◆ **BRIEF**
Scan the entries below for the word "andP" and copy every line where it turns up.

◆ **EXERCISE MATERIALS**
(* Let $S=K[x_1,\ldots,x_n]$ be a polynomial ring over a field $K$, let $I\subseteq S$ be a squarefree monomial ideal all of whose minimal monomial generators have the same degree, let $x$ be one of the variables, and let $s$ be a positive integer. If $I^s$ has linear quotients, then $(I^x)^s$ has linear quotients.
   Context: A monomial ideal $J$ generated in a single degree, with minimal monomial generators $u_1,\ldots,u_r$, has linear quotients if there is an ordering $u_1>\cdots>u_r$ of these generators such that for each $1\le i<r$ the colon ideal $(u_1,\ldots,u_i):u_{i+1}$ is generated by a subset of the variables. Duplicate ideal: let $m_1,\ldots,m_q$ be all minimal monomial generators of $I$ divisible by $x$, and let $y$ be a new variable (adjoined to the ring) not dividing any generator of $I$. The duplicate ideal of $I$ by $x$ is $I^x=I+\big(\tfrac{m_1}{x}y,\ldots,\tfrac{m_q}{x}y\big)$; if $x$ divides no generator of $I$, then $I^x=I$. *)

From mathcomp Require Import all_boot.
Set Implicit Arguments. Unset Strict Implicit. Unset Printing Implicit Defensive.

(* Monomials of S = K[x_0,...,x_{n-1}] are represented by exponent vectors.
   A monomial ideal is represented by a finite list of monomial generators. *)
Definition monom (n : nat) := {ffun 'I_n -> nat}.

Section Monomials.
Variable n : nat.

Definition mone : monom n := [ffun => 0%N].
Definition mvar (i : 'I_n) : monom n := [ffun j => nat_of_bool (j == i)].
Definition mmul (u v : monom n) : monom n := [ffun i => u i + v i].
Definition mdiv (u v : monom n) : monom n := [ffun i => u i - v i].
Definition mdvd (u v : monom n) : bool := [forall i, u i <= v i].
Definition mdeg (u : monom n) : nat := \sum_(i < n) u i.

Definition in_mideal (G : seq (monom n)) (w : monom n) : bool :=
  has (fun g => mdvd g w) G.

Definition mingens (G : seq (monom n)) : seq (monom n) :=
  undup [seq g <- G | all (fun h => mdvd h g ==> mdvd g h) G].

Fixpoint mpow (G : seq (monom n)) (s : nat) : seq (monom n) :=
  if s is s'.+1 then [seq mmul a b | a <- G, b <- mpow G s'] else [:: mone].

(* the colon ideal (J : u) is generated by a subset V of the variables,
   i.e. a monomial w lies in (J : u) iff some variable of V divides w
   (monomial ideals are determined by the monomials they contain) *)
Definition colon_gen_by_vars (J : seq (monom n)) (u : monom n) : Prop :=
  exists V : {set 'I_n}, forall w : monom n,
    in_mideal J (mmul w u) = [exists i in V, 0 < w i].

Definition has_linear_quotients (J : seq (monom n)) : Prop :=
  exists L : seq (monom n),
    [/\ uniq L, mingens J =i L &
        forall k, 0 < k < size L -> colon_gen_by_vars (take k L) (nth mone L k)].

Definition squarefree (G : seq (monom n)) : Prop :=
  forall g, g \in mingens G -> forall i, g i <= 1.

Definition equigenerated (G : seq (monom n)) : Prop :=
  exists d, forall g, g \in mingens G -> mdeg g = d.

End Monomials.

(* embedding of K[x_0..x_{n-1}] monomials into K[x_0..x_{n-1}, y], y = ord_max *)
Definition mlift (n : nat) (u : monom n) : monom n.+1 :=
  [ffun i : 'I_n.+1 => if unlift ord_max i is Some j then u j else 0%N].

Definition dup (n : nat) (G : seq (monom n)) (x : 'I_n) : seq (monom n.+1) :=
  [seq mlift g | g <- mingens G] ++
  [seq mmul (mlift (mdiv g (mvar x))) (mvar ord_max) | g <- filter (fun g : monom n => 0 < g x) (mingens G)].

From mathcomp Require Import all_boot zify.
Set Implicit Arguments. Unset Strict Implicit. Unset Printing Implicit Defensive.

(* The minimal generators of (I^x)^s are the monomials u x^-k y^k with u a
   minimal generator of I^s and 0 <= k <= deg_x u; squarefreeness of I is what
   makes every such k attainable.  Given a linear quotient order of I^s, replace
   each u by the block u, u x^-1 y, ..., u x^-a y^a (a = deg_x u).  If the colon
   of the earlier generators of I^s by u is generated by the variables V, then
   the colon at u x^-k y^k is generated by V, by x when k > 0, and by y when
   x is in V: substituting y := x sends the earlier blocks into the earlier
   generators of I^s, and x in V means, since all generators have the same
   degree, that some earlier generator is u x / x_j, whose block contains a
   divisor of y u x^-k y^k. *)

Lemma cat_eq_cat_cons (T : Type) (X Y A B : seq T) (p : T) :
  X ++ Y = A ++ p :: B ->
  (exists B', X = A ++ p :: B') \/ (exists2 C, Y = C ++ p :: B & A = X ++ C).
Proof.
elim: X A => [|y X IH] [|a A] /=.
- by move=> E; right; exists [::].
- by move=> E; right; exists (a :: A).
- by case=> -> _; left; exists X.
- by case=> -> /IH[[B' ->]|[C -> ->]]; [left; exists B' | right; exists C].
Qed.

Lemma map_iota0_eq_cat_cons (T : Type) (f : nat -> T) m C p B :
  map f (iota 0 m) = C ++ p :: B ->
  exists k, [/\ k < m, C = map f (iota 0 k) & p = f k].
Proof.
move=> E; have lt_Cm : size C < m.
  move/(congr1 size): E; rewrite size_map size_iota size_cat /= => ->.
  by rewrite addnS ltnS leq_addr.
exists (size C); split=> //.
  move/(congr1 (take (size C))): E; rewrite take_size_cat // -map_take take_iota.
  by rewrite (minn_idPl (ltnW lt_Cm)).
move/(congr1 (nth (f 0) ^~ (size C))): E.
by rewrite nth_cat ltnn subnn (nth_map 0) ?size_iota // nth_iota.
Qed.

Section Monomials.
Variable n : nat.
Implicit Types (a b c d u w : monom n) (G H J L : seq (monom n)).

Lemma mmulE a b i : mmul a b i = a i + b i.
Proof. by rewrite ffunE. Qed.

Lemma mvarE (z i : 'I_n) : mvar z i = (i == z).
Proof. by rewrite ffunE. Qed.

Lemma mdvdP a b : reflect (forall i, a i <= b i) (mdvd a b).
Proof. exact: forallP. Qed.

Lemma mdvd_refl a : mdvd a a.
Proof. by apply/mdvdP. Qed.

Lemma mdvd_trans a b c : mdvd a b -> mdvd b c -> mdvd a c.
Proof. by move=> /mdvdP ab /mdvdP bc; apply/mdvdP => i; apply: leq_trans (ab i) (bc i). Qed.

Lemma mdvd_anti a b : mdvd a b -> mdvd b a -> a = b.
Proof. by move=> /mdvdP ab /mdvdP ba; apply/ffunP => i; apply/eqP; rewrite eqn_leq ab ba. Qed.

Lemma mdvd_mmul a b c d : mdvd a b -> mdvd c d -> mdvd (mmul a c) (mmul b d).
Proof. by move=> /mdvdP ab /mdvdP cd; apply/mdvdP => i; rewrite !mmulE leq_add. Qed.

Lemma mdvd_mvar_mul (z : 'I_n) a b :
  mdvd a (mmul (mvar z) b) -> a z <= b z -> mdvd a b.
Proof.
move=> /mdvdP a_zb az_le; apply/mdvdP => i.
by case: (eqVneq i z) => [-> //|ne_iz]; have := a_zb i; rewrite mmulE mvarE (negbTE ne_iz).
Qed.

Lemma mdeg_mmul a b : mdeg (mmul a b) = mdeg a + mdeg b.
Proof. by rewrite /mdeg -big_split; apply: eq_bigr => i _; rewrite mmulE. Qed.

Lemma mdeg_mone : mdeg (mone n) = 0.
Proof. by rewrite /mdeg big1 // => i _; rewrite ffunE. Qed.

Lemma mdvd_eq_deg a b : mdvd a b -> mdeg a = mdeg b -> a = b.
Proof.
move=> /mdvdP ab deg_ab.
have b_eq : b = mmul a (mdiv b a) by apply/ffunP => i; rewrite !ffunE subnKC.
have : mdeg (mdiv b a) == 0.
  by move/eqP: deg_ab; rewrite [X in _ == mdeg X]b_eq mdeg_mmul -{1}[mdeg a]addn0 eqn_add2l eq_sym.
rewrite /mdeg sum_nat_eq0 => /forallP quot0.
by apply/ffunP => i; move: (quot0 i) (ab i); rewrite ffunE /=; lia.
Qed.

Lemma mdvd_lt_deg a b : mdvd a b -> ~~ mdvd b a -> mdeg a < mdeg b.
Proof.
move=> ab nba; rewrite ltn_neqAle leq_sum ?andbT => [|i _]; last exact/mdvdP.
by apply: contra nba => /eqP deg_ab; rewrite (mdvd_eq_deg ab deg_ab) mdvd_refl.
Qed.

Lemma in_midealP J w : reflect (exists2 g : monom n, g \in J & mdvd g w) (in_mideal J w).
Proof. exact: hasP. Qed.

Lemma in_mideal_cat J J' w : in_mideal (J ++ J') w = in_mideal J w || in_mideal J' w.
Proof. exact: has_cat. Qed.

Lemma in_mideal_mdvd J a b : in_mideal J a -> mdvd a b -> in_mideal J b.
Proof.
by move=> /in_midealP[g gJ ga] ab; apply/in_midealP; exists g => //; apply: mdvd_trans ab.
Qed.

Lemma colon_gen_by_varsI J u (V : {set 'I_n}) :
  (forall i, i \in V -> in_mideal J (mmul (mvar i) u)) ->
  (forall w, in_mideal J (mmul w u) -> exists2 i, i \in V & 0 < w i) ->
  colon_gen_by_vars J u.
Proof.
move=> varsV colonV; exists V => w.
apply/idP/existsP => [/colonV[i iV wi_gt0]|[i /andP[iV wi_gt0]]].
  by exists i; rewrite iV.
apply: in_mideal_mdvd (varsV i iV) (mdvd_mmul _ (mdvd_refl u)).
by apply/mdvdP => j; rewrite mvarE; case: eqP => // ->.
Qed.

Lemma colon_gen_by_vars_nil u : colon_gen_by_vars [::] u.
Proof. by exists set0 => w; apply/esym/existsP => -[i]; rewrite inE. Qed.

Lemma mem_mingens G g :
  (g \in mingens G) = (g \in G) && all (fun h => mdvd h g ==> mdvd g h) G.
Proof. by rewrite /mingens mem_undup mem_filter andbC. Qed.

Lemma mingens_sub G : {subset mingens G <= G}.
Proof. by move=> g; rewrite mem_mingens => /andP[]. Qed.

Lemma mingens_mdvd G g : g \in G -> exists2 m, m \in mingens G & mdvd m g.
Proof.
elim: {g}(mdeg g).+1 {-2}g (ltnSn (mdeg g)) => // k IH g deg_g gG.
have [minimal | ] := boolP (all (fun h => mdvd h g ==> mdvd g h) G).
  by exists g; rewrite ?mem_mingens ?gG ?mdvd_refl.
rewrite -has_predC => /hasP[h hG /=]; rewrite negb_imply => /andP[hg ngh].
have [m mM mh] := IH h (leq_trans (mdvd_lt_deg hg ngh) deg_g) hG.
by exists m => //; apply: mdvd_trans mh hg.
Qed.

◆ **COMPLETED EXERCISE**
apply/idP/existsP => [/colonV[i iV wi_gt0]|[i /andP[iV wi_gt0]]].
Proof. by move=> g; rewrite mem_mingens => /andP[]. Qed.
rewrite -has_predC => /hasP[h hG /=]; rewrite negb_imply => /andP[hg ngh].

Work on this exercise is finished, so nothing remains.